[Stored data]

- - - -

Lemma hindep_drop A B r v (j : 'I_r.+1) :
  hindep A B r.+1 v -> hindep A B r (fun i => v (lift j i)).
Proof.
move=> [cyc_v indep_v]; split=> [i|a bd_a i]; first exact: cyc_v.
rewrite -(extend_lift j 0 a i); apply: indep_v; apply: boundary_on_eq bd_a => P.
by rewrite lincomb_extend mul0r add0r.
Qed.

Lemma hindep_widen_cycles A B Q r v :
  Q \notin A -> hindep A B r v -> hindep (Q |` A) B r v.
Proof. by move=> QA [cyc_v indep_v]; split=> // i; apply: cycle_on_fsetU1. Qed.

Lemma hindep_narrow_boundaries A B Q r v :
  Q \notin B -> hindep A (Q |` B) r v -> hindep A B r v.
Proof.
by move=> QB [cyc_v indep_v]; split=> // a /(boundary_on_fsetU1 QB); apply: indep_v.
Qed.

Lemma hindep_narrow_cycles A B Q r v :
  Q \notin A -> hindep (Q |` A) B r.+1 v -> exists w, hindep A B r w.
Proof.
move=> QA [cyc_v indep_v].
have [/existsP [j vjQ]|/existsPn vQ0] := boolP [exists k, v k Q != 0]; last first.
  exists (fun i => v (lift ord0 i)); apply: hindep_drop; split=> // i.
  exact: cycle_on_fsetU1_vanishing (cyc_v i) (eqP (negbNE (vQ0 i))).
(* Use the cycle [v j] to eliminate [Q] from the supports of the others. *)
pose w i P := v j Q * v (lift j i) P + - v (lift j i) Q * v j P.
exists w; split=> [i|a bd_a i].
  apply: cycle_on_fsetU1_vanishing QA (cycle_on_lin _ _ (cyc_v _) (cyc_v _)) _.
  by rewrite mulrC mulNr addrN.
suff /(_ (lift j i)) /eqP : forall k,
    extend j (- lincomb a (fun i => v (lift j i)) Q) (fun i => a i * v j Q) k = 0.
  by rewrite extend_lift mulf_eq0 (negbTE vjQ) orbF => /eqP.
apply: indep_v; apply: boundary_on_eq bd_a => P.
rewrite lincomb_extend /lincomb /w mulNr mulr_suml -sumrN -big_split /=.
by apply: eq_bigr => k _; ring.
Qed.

- - - -

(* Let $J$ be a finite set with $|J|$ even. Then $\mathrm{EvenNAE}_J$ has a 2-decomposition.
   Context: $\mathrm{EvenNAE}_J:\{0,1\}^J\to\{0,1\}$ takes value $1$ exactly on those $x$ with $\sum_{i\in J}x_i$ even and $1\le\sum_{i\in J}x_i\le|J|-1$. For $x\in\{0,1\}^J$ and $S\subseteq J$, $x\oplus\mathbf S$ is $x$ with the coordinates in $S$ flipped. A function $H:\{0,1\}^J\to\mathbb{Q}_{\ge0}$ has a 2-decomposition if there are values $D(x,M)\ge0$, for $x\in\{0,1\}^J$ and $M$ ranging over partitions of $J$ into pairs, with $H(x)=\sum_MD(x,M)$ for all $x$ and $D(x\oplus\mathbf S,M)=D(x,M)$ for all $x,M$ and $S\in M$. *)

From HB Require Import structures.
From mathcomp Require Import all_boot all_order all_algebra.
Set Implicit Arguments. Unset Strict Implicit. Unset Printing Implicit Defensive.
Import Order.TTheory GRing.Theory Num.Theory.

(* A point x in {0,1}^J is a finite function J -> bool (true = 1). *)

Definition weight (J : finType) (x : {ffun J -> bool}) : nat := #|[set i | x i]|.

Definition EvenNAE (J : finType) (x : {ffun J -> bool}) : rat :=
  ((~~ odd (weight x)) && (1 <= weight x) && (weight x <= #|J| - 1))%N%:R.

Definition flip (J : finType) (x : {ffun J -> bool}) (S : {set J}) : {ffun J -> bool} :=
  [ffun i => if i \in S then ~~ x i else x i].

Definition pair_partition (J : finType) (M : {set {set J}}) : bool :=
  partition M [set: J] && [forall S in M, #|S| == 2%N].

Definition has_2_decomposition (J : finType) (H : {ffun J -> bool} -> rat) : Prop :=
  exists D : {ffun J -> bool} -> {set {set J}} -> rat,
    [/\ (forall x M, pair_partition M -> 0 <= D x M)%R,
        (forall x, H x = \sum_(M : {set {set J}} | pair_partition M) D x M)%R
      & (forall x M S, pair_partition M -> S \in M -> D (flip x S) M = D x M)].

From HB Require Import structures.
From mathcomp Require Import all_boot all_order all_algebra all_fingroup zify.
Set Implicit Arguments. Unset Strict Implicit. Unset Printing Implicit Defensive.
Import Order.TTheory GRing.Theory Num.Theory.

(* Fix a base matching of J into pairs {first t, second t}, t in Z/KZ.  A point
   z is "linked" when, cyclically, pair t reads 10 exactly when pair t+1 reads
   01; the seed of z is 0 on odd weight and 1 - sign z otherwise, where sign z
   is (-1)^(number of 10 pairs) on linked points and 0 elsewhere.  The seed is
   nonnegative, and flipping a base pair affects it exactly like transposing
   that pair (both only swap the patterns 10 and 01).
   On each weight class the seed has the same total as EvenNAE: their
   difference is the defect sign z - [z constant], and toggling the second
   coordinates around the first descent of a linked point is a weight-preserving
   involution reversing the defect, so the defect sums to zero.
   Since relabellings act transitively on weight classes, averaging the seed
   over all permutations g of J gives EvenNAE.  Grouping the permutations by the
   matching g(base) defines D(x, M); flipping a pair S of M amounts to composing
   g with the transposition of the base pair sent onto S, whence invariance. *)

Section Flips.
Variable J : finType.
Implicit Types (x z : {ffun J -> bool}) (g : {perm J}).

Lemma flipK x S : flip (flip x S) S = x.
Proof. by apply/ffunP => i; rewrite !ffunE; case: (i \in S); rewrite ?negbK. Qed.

- - - -

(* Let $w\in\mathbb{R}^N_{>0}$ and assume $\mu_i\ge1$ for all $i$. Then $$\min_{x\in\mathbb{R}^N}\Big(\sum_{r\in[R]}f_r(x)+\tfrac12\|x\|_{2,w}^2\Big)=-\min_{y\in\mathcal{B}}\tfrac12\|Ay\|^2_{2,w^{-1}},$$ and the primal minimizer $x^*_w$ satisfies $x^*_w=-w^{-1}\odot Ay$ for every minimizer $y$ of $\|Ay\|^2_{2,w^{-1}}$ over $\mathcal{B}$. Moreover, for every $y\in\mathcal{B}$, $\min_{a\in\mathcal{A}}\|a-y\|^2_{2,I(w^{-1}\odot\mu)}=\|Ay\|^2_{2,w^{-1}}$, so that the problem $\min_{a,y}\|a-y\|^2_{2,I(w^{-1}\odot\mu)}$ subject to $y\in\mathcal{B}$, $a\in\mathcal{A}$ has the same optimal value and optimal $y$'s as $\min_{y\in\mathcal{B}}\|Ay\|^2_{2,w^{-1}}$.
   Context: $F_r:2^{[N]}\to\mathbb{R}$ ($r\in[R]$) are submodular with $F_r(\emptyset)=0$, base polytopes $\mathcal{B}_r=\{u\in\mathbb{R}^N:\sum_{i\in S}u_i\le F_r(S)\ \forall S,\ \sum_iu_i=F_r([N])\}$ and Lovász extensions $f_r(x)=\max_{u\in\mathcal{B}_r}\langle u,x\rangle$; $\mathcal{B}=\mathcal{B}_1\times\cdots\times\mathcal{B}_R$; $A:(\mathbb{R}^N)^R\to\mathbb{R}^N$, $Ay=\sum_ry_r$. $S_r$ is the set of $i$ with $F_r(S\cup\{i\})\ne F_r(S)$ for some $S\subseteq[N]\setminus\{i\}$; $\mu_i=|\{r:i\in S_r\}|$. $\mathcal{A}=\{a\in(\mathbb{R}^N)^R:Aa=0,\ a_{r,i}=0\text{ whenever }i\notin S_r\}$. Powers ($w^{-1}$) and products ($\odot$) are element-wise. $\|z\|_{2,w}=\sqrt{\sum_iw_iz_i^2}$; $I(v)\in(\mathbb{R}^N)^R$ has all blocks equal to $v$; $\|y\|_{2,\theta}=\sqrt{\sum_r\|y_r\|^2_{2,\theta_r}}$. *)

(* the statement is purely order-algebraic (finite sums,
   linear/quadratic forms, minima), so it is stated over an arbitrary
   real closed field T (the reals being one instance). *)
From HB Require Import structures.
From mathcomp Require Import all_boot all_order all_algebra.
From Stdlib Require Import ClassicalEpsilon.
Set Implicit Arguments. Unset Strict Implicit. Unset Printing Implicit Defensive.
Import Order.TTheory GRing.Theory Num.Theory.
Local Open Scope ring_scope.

- - - -

Your assignment:
Above are the records; copy exactly the lines from the line with "matching g(base) defines" through the line with "Proof. by apply/ffunP", both included.

Solution:
   matching g(base) defines D(x, M); flipping a pair S of M amounts to composing
   g with the transposition of the base pair sent onto S, whence invariance. *)

Section Flips.
Variable J : finType.
Implicit Types (x z : {ffun J -> bool}) (g : {perm J}).

Lemma flipK x S : flip (flip x S) S = x.
Proof. by apply/ffunP => i; rewrite !ffunE; case: (i \in S); rewrite ?negbK. Qed.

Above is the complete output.